*** Opening LISTED RECORDS ***

Definition Om : frame.
Proof.
  refine (@Frame Prop (fun p q => p -> q) True and
                 (fun S => exists p, S p /\ p) _ _ _ _ _ _ _ _ _).
  - auto.
  - auto.
  - auto.
  - intros a b [H _]; exact H.
  - intros a b [_ H]; exact H.
  - intros a b c H1 H2 H; split; auto.
  - intros S a Sa Ha; exists a; auto.
  - intros S c H [p [Sp Hp]]; exact (H p Sp Hp).
  - intros a S [Ha [p [Sp Hp]]]. exists (a /\ p). split; [exists p; auto|auto].
Defined.

(* ---------- binary coproduct of locales: tensor product of frames,
   constructed as the frame of C-ideals of L x M ---------- *)
Section Tensor.
Variables L M : frame.
Definition cideal (D : L * M -> Prop) : Prop :=
  (forall a b a' b', D (a, b) -> le a' a -> le b' b -> D (a', b')) /\
  (forall (S : L -> Prop) b, (forall a, S a -> D (a, b)) -> D (join S, b)) /\
  (forall a (S : M -> Prop), (forall b, S b -> D (a, b)) -> D (a, join S)).
Definition gen (R : L * M -> Prop) : L * M -> Prop :=
  fun p => forall E, cideal E -> (forall q, R q -> E q) -> E p.
Lemma gen_cideal R : cideal (gen R).
Proof.
  split; [|split].
  - intros a b a' b' H ha hb E cE HR. destruct cE as [d [jl jr]].
    apply (d a b); [apply H; [exact (conj d (conj jl jr))|exact HR]|exact ha|exact hb].
  - intros S b H E cE HR. apply (proj1 (proj2 cE)). intros a Sa. apply H; auto.
  - intros a S H E cE HR. apply (proj2 (proj2 cE)). intros b Sb. apply H; auto.
Qed.
Definition tcar := {D : L * M -> Prop | cideal D}.
Definition tle (D E : tcar) := forall p, proj1_sig D p -> proj1_sig E p.
Definition ttop : tcar.
Proof. exists (fun _ => True). split; [|split]; auto. Defined.
Definition tmeet (D E : tcar) : tcar.
Proof.
  exists (fun p => proj1_sig D p /\ proj1_sig E p).
  destruct D as [D [d1 [d2 d3]]], E as [E [e1 [e2 e3]]]; simpl.
  split; [|split].
  - intros a b a' b' [H1 H2] ha hb; split; [eapply d1|eapply e1]; eauto.
  - intros S b H; split; [apply d2|apply e2]; intros a Sa; apply (H a Sa).
  - intros a S H; split; [apply d3|apply e3]; intros b Sb; apply (H b Sb).
Defined.
Definition tgen (R : L * M -> Prop) : tcar := exist _ (gen R) (gen_cideal R).
Definition tjoin (S : tcar -> Prop) : tcar :=
  tgen (fun p => exists D, S D /\ proj1_sig D p).
Theorem theorem9 :
  (forall (n k : nat) (C : vec n -> Prop),
      (k <= n)%N -> linear_code pi7 7 k C -> corrects pi7 C 2 ->
      (32 * n ^ 2 + 1 <= (7 ^ 2) ^ (n - k))%N) /\
  (forall (n k : nat) (C : vec n -> Prop),
      (k <= n)%N -> linear_code pi11 11 k C -> corrects pi11 C 2 ->
      (32 * n ^ 2 + 1 <= (11 ^ 2) ^ (n - k))%N).
Proof.
by split=> n k C _; apply: lipschitz_bound; [left | right].
Qed.
Lemma is_RInt_kernels lam n k beta eta : (1 <= k)%nat -> 0 <= beta < eta ->
  is_RInt (fun s => kernel1 lam n k eta s + 4 * kernel2 lam n k eta s) 0 beta
    (dU_da lam n k eta beta).
Proof.
intros Hk Hb.
replace (dU_da lam n k eta beta) with (dU_da lam n k eta beta - dU_da lam n k eta 0)
  by (rewrite dU_da_0 by lra; ring).
apply (is_RInt_Rderive (fun s => dU_da lam n k eta s));
  intros s Hs; rewrite Rmin_left, Rmax_right in Hs by lra.
- apply is_derive_dU_da_r; [exact Hk | lra].
- apply continuous_Rplus; [apply continuous_kernel1; lra|].
  apply continuous_Rmult; [apply continuous_const | apply continuous_kernel2; lra].
Qed.

Lemma RInt_kernel2 lam n k beta eta : (1 <= k)%nat -> 0 <= beta < eta ->
  RInt (kernel2 lam n k eta) 0 beta = / 4 * (dU_da lam n k eta beta - inner1 lam n k beta eta).
Proof.
intros Hk Hb.
assert (H1 : ex_RInt (kernel1 lam n k eta) 0 beta).
{ apply (ex_RInt_continuous_gt _ (- eta)); [intros; apply continuous_kernel1 | |]; lra. }
assert (H2 : ex_RInt (kernel2 lam n k eta) 0 beta).
{ apply (ex_RInt_continuous (V := R_CompleteNormedModule)). intros s Hs.
  rewrite Rmin_left, Rmax_right in Hs by lra. apply continuous_kernel2; lra. }
assert (Hsum := is_RInt_Rplus _ _ _ _ _ _ (RInt_correct _ _ _ H1)
  (is_RInt_Rscal _ _ _ 4 _ (RInt_correct _ _ _ H2))).
assert (E := is_RInt_unique _ _ _ _ Hsum).
cbv beta in E. rewrite (is_RInt_unique _ _ _ _ (is_RInt_kernels lam n k beta eta Hk Hb)),
  RInt_kernel1 in E by lra.
lra.
Qed.

Lemma double_int_kernel1 lam n k alpha beta : 0 < beta < alpha ->
  double_int (kernel1 lam n k) beta alpha (RInt (inner1 lam n k beta) beta alpha).
Proof.
intros Hb.
exists (fun eta => RInt (kernel1 lam n k eta) 0 beta). split.
- intros eta He. apply RInt_eq_of_is_RInt, (RInt_correct (V := R_CompleteNormedModule)).
  apply (ex_RInt_continuous_gt _ (- eta)); [intros; apply continuous_kernel1 | |]; lra.
- apply (improper_lower_of_continuous _ (fun c => RInt (inner1 lam n k beta) c alpha));
    [lra | |].
  + intros c Hc. apply RInt_eq_of_is_RInt.
    apply (is_RInt_Rext (inner1 lam n k beta)).
    { intros eta He. rewrite Rmin_left, Rmax_right in He by lra.
      symmetry. apply RInt_kernel1; lra. }
    apply (RInt_correct (V := R_CompleteNormedModule)).
    apply (ex_RInt_continuous_gt _ 0); [intros; apply continuous_inner1 | |]; lra.
  + apply (continuous_RInt_lower _ 0); [intros; apply continuous_inner1 | |]; lra.
Qed.

Lemma double_int_kernel2 lam n k alpha beta : (1 <= k)%nat -> 0 < beta < alpha ->
  double_int (kernel2 lam n k) beta alpha
    (/ 4 * (sumF lam (Z.of_nat n) k alpha beta - RInt (inner1 lam n k beta) beta alpha)).
Proof.
intros Hk Hb.
exists (fun eta => RInt (kernel2 lam n k eta) 0 beta). split.
- intros eta He. apply RInt_eq_of_is_RInt, (RInt_correct (V := R_CompleteNormedModule)).
  apply (ex_RInt_continuous (V := R_CompleteNormedModule)). intros s Hs.
  rewrite Rmin_left, Rmax_right in Hs by lra. apply continuous_kernel2; lra.
- set (W := fun c => / 4 * (sumF lam (Z.of_nat n) k alpha beta - sumF lam (Z.of_nat n) k c beta
                            - RInt (inner1 lam n k beta) c alpha)).
  replace (/ 4 * _) with (W beta) by (unfold W; rewrite sumF_diag; ring).
  apply improper_lower_of_continuous; [lra | |].
  + intros c Hc. apply RInt_eq_of_is_RInt. unfold W.
    apply (is_RInt_Rext (fun eta => / 4 * (dU_da lam n k eta beta - inner1 lam n k beta eta))).
    { intros eta He. rewrite Rmin_left, Rmax_right in He by lra.
      symmetry. apply RInt_kernel2; [exact Hk | lra]. }
    apply is_RInt_Rscal, is_RInt_Rminus.
    * apply (is_RInt_Rderive (fun c => sumF lam (Z.of_nat n) k c beta));
        intros eta He; rewrite Rmin_left, Rmax_right in He by lra.
      -- apply is_derive_sumF_l; lra.
      -- apply continuous_dU_da; lra.
    * apply (RInt_correct (V := R_CompleteNormedModule)).
      apply (ex_RInt_continuous_gt _ 0); [intros; apply continuous_inner1 | |]; lra.
  + unfold W. apply continuous_Rmult; [apply continuous_const|].
    apply continuous_Rminus; [apply continuous_Rminus; [apply continuous_const|]|].
    * apply continuous_sumF_l; lra.
    * apply (continuous_RInt_lower _ 0); [intros; apply continuous_inner1 | |]; lra.
Qed.
(* Let $n\in\mathbb{N}$ and let $T\subseteq\mathbb{F}_2^n$ (with $\mathbb{F}_2=\{0,1\}$). Let $C$ be the $n$-qubit projector $C=\sum_{z\in T}|z\rangle\langle z|$ onto the span of the computational basis states indexed by $T$, let $X=\sum_{j=1}^n\sigma^x_j$ where $\sigma^x_j$ is the Pauli-$X$ operator on qubit $j$, and for real angles $\beta,\gamma$ define $$|\beta,\gamma\rangle_1=e^{-i\beta X}e^{-i\gamma C}|+\rangle^{\otimes n},\qquad F_1(\beta,\gamma)=\langle\beta,\gamma|_1\,C\,|\beta,\gamma\rangle_1 .$$ Then $$F_1(\beta,\gamma)=\frac{1}{2^n}\sum_{k\in T}|c_k(\beta,\gamma)|^2,$$ where $$c_k(\beta,\gamma)=\sum_{d=0}^n\left(\#_d(k)\,(e^{-i\gamma}-1)+\binom{n}{d}\right)f_n(\beta,d),$$ with $\#_d(k)=|\{z\in T: d_H(z,k)=d\}|$, $f_n(\beta,d)=(\cos\beta)^{n-d}(-i\sin\beta)^d$, and $d_H$ the Hamming distance between bit strings.
   Context: $T$ is the target space (set of bit strings encoding solutions of a decision problem instance); $|z\rangle$ for $z\in\mathbb{F}_2^n$ is the corresponding computational basis state, and $|+\rangle=(|0\rangle+|1\rangle)/\sqrt2$. *)

From mathcomp Require Import all_boot all_order all_algebra.
From mathcomp Require Import reals topology normedtype sequences trigo.
From mathcomp Require Import complex.
Import numFieldNormedType.Exports.
Set Implicit Arguments. Unset Strict Implicit. Unset Printing Implicit Defensive.
Import Order.TTheory GRing.Theory Num.Theory.
Local Open Scope ring_scope.
Local Open Scope complex_scope.

(* Bit strings z in F_2^n, i.e. functions 'I_n -> bool (qubit j <-> index j). *)
Definition bits (n : nat) := {ffun 'I_n -> bool}.

Definition hamming (n : nat) (z k : bits n) : nat := #|[set j | z j != k j]|.

Definition flip (n : nat) (j : 'I_n) (z : bits n) : bits n :=
  [ffun i => if i == j then ~~ z i else z i].

Section Ops.
Variables (R : realType) (n : nat).
Local Notation C := (R[i]).

(* n-qubit states: vectors indexed by the computational basis (bit strings);
   operators: matrices indexed by bit strings, A x y = <x|A|y>. *)
Definition state := bits n -> C.
Definition op := bits n -> bits n -> C.

Definition idop : op := fun x y => if x == y then 1 else 0.
Definition mulop (A B : op) : op := fun x y => \sum_(z : bits n) A x z * B z y.
Definition scaleop (a : C) (A : op) : op := fun x y => a * A x y.
Definition powop (A : op) (k : nat) : op := iter k (mulop A) idop.
Definition applyop (A : op) (v : state) : state :=
  fun x => \sum_(y : bits n) A x y * v y.

Definition expop (A : op) : op := fun x y =>
  (limn (fun N => \sum_(k < N) ((powop A k x y / (k`!)%:R) : C^o)) : C).
Lemma dist_mul_le (r r' u t : R) : 0 <= r <= 1 -> 0 <= r' <= 1 ->
  0 <= u <= 1 -> `|r * u - r' * t| <= `|r - r'| + `|u - t|.
Proof.
move=> /andP[r0 r1] /andP[r'0 r'1] /andP[u0 u1].
have -> : r * u - r' * t = (r - r') * u + r' * (u - t) by ring.
apply: le_trans (ler_normD _ _) _; rewrite !normrM (ger0_norm u0) (ger0_norm r'0).
by apply: lerD; [apply: ler_piMr | apply: ler_piMl].
Qed.

(* Each stick piece depends 1-Lipschitz on the remaining mass and on every
   earlier break point, whence the error grows linearly along the sequence. *)
Lemma dist_stick_le (s ts : seq R) (r r' eta : R) :
  all in_unit s -> all in_unit ts -> all2 (fun u t => `|u - t| <= eta) s ts ->
  0 <= eta -> 0 <= r <= 1 -> 0 <= r' <= 1 ->
  forall i, `|nth 0 (stick r s) i - nth 0 (stick r' ts) i| <= `|r - r'| + i.+1%:R * eta.
Proof.
elim: s ts r r' => [|u s IH] [|t ts] //= r r' + + + eta0 hr hr' i.
  by rewrite !nth_nil subrr normr0 addr_ge0 // mulr_ge0.
move=> /andP[hu hs] /andP[ht hts] /andP[hut hst].
case: i => [|i] /=.
  by rewrite mul1r (le_trans (dist_mul_le _ hr hr' hu)) // lerD2l.
have mass_unit (v w : R) : 0 <= v <= 1 -> 0 <= w <= 1 -> 0 <= v * (1 - w) <= 1.
  move=> /andP[v0 v1] /andP[w0 w1].
  by rewrite mulr_ge0 ?subr_ge0 //= mulr_ile1 ?subr_ge0 // gerBl.
apply: le_trans (IH _ _ _ hs hts hst eta0 (mass_unit _ _ hr hu) (mass_unit _ _ hr' ht) i) _.
have hu' : 0 <= 1 - u <= 1 by case/andP: hu => u0 u1; rewrite subr_ge0 u1 gerBl.
have := dist_mul_le (1 - t) hr hr' hu'.
have -> : 1 - u - (1 - t) = - (u - t) by ring.
rewrite normrN -[i.+2%:R]natr1 mulrDl mul1r; lra.
Qed.
Definition p_open_in {T : Type} (E : set T) (rho : T -> T -> R) (U : set T) :=
  forall x, U x -> exists2 r : R, 0 < r & forall y, E y -> rho x y < r -> U y.

(* rho-diameter of U, in the extended reals (sup of the empty set is -oo) *)
Definition p_diam {T : Type} (rho : T -> T -> R) (U : set T) : \bar R :=
  ereal_sup [set (rho x y)%:E | x in U & y in U].

Definition p_has_cover {T : Type} (E : set T) (rho : T -> T -> R) (eps : R) (n : nat) :=
  exists U : 'I_n -> set T,
    [/\ forall i, U i `<=` E,
        forall i, p_open_in E rho (U i),
        forall i, (p_diam rho (U i) < eps%:E)%E
      & E `<=` \bigcup_i U i].

(* #(E, rho, eps) : minimal number of such open sets (+oo if none) *)
Definition p_covnum {T : Type} (E : set T) (rho : T -> T -> R) (eps : R) : \bar R :=
  ereal_inf [set (n%:R)%:E | n in p_has_cover E rho eps].

Definition p_logE (x : \bar R) : \bar R :=
  match x with
  | EFin r => (ln r)%:E
  | +oo%E => +oo%E
  | -oo%E => -oo%E
  end.

Definition upper_mink_dim {T : Type} (E : set T) (rho : T -> T -> R) : \bar R :=
  limf_esup (fun eps : R => (p_logE (p_covnum E rho eps) * (ln (eps^-1))^-1%:E)%E)
            (0 : R)^'+.

Definition p_bowen {T : Type} (d : T -> T -> R) (f : T -> T) (L : nat) (x y : T) : R :=
  \big[Num.max/0]_(n < L) d (iter n f x) (iter n f y).

(* upper metric mean dimension:
   limsup_{eps -> 0+} lim_{L -> oo} log #(X, d_L, eps) / (L log (1/eps));
   the limit in L is taken as a limsup *)
Definition upper_mmdim {T : Type} (X : set T) (f : T -> T) (d : T -> T -> R) : \bar R :=
  limf_esup (fun eps : R =>
     limn_esup (fun L : nat =>
       (p_logE (p_covnum X (p_bowen d f L) eps) * ((L%:R * ln (eps^-1))^-1)%:E)%E))
   (0 : R)^'+.

Definition p_in_cube (a : nat) (p : 'I_a -> R) := forall i, 0 <= p i <= 1.

Definition p_supdist (a : nat) (p q : 'I_a -> R) : R :=
  \big[Num.max/0]_(i < a) `|p i - q i|.

Definition supdistN (a N : nat) (p q : 'I_N -> 'I_a -> R) : R :=
  \big[Num.max/0]_(j < N) \big[Num.max/0]_(i < a) `|p j i - q j i|.

Definition in_cubeN (a N : nat) (p : 'I_N -> 'I_a -> R) := forall j, p_in_cube (p j).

*** Closing LISTED RECORDS ***

◆ REQUIREMENT ◆
Reproduce verbatim the lines above, from the line with "Proof. exists (fun" through the line with "assert (H2 : ex_RInt".

◆ PROBLEM SOLUTION ◆
Proof. exists (fun _ => True). split; [|split]; auto. Defined.
Definition tmeet (D E : tcar) : tcar.
Proof.
  exists (fun p => proj1_sig D p /\ proj1_sig E p).
  destruct D as [D [d1 [d2 d3]]], E as [E [e1 [e2 e3]]]; simpl.
  split; [|split].
  - intros a b a' b' [H1 H2] ha hb; split; [eapply d1|eapply e1]; eauto.
  - intros S b H; split; [apply d2|apply e2]; intros a Sa; apply (H a Sa).
  - intros a S H; split; [apply d3|apply e3]; intros b Sb; apply (H b Sb).
Defined.
Definition tgen (R : L * M -> Prop) : tcar := exist _ (gen R) (gen_cideal R).
Definition tjoin (S : tcar -> Prop) : tcar :=
  tgen (fun p => exists D, S D /\ proj1_sig D p).
Theorem theorem9 :
  (forall (n k : nat) (C : vec n -> Prop),
      (k <= n)%N -> linear_code pi7 7 k C -> corrects pi7 C 2 ->
      (32 * n ^ 2 + 1 <= (7 ^ 2) ^ (n - k))%N) /\
  (forall (n k : nat) (C : vec n -> Prop),
      (k <= n)%N -> linear_code pi11 11 k C -> corrects pi11 C 2 ->
      (32 * n ^ 2 + 1 <= (11 ^ 2) ^ (n - k))%N).
Proof.
by split=> n k C _; apply: lipschitz_bound; [left | right].
Qed.
Lemma is_RInt_kernels lam n k beta eta : (1 <= k)%nat -> 0 <= beta < eta ->
  is_RInt (fun s => kernel1 lam n k eta s + 4 * kernel2 lam n k eta s) 0 beta
    (dU_da lam n k eta beta).
Proof.
intros Hk Hb.
replace (dU_da lam n k eta beta) with (dU_da lam n k eta beta - dU_da lam n k eta 0)
  by (rewrite dU_da_0 by lra; ring).
apply (is_RInt_Rderive (fun s => dU_da lam n k eta s));
  intros s Hs; rewrite Rmin_left, Rmax_right in Hs by lra.
- apply is_derive_dU_da_r; [exact Hk | lra].
- apply continuous_Rplus; [apply continuous_kernel1; lra|].
  apply continuous_Rmult; [apply continuous_const | apply continuous_kernel2; lra].
Qed.

Lemma RInt_kernel2 lam n k beta eta : (1 <= k)%nat -> 0 <= beta < eta ->
  RInt (kernel2 lam n k eta) 0 beta = / 4 * (dU_da lam n k eta beta - inner1 lam n k beta eta).
Proof.
intros Hk Hb.
assert (H1 : ex_RInt (kernel1 lam n k eta) 0 beta).
{ apply (ex_RInt_continuous_gt _ (- eta)); [intros; apply continuous_kernel1 | |]; lra. }
assert (H2 : ex_RInt (kernel2 lam n k eta) 0 beta).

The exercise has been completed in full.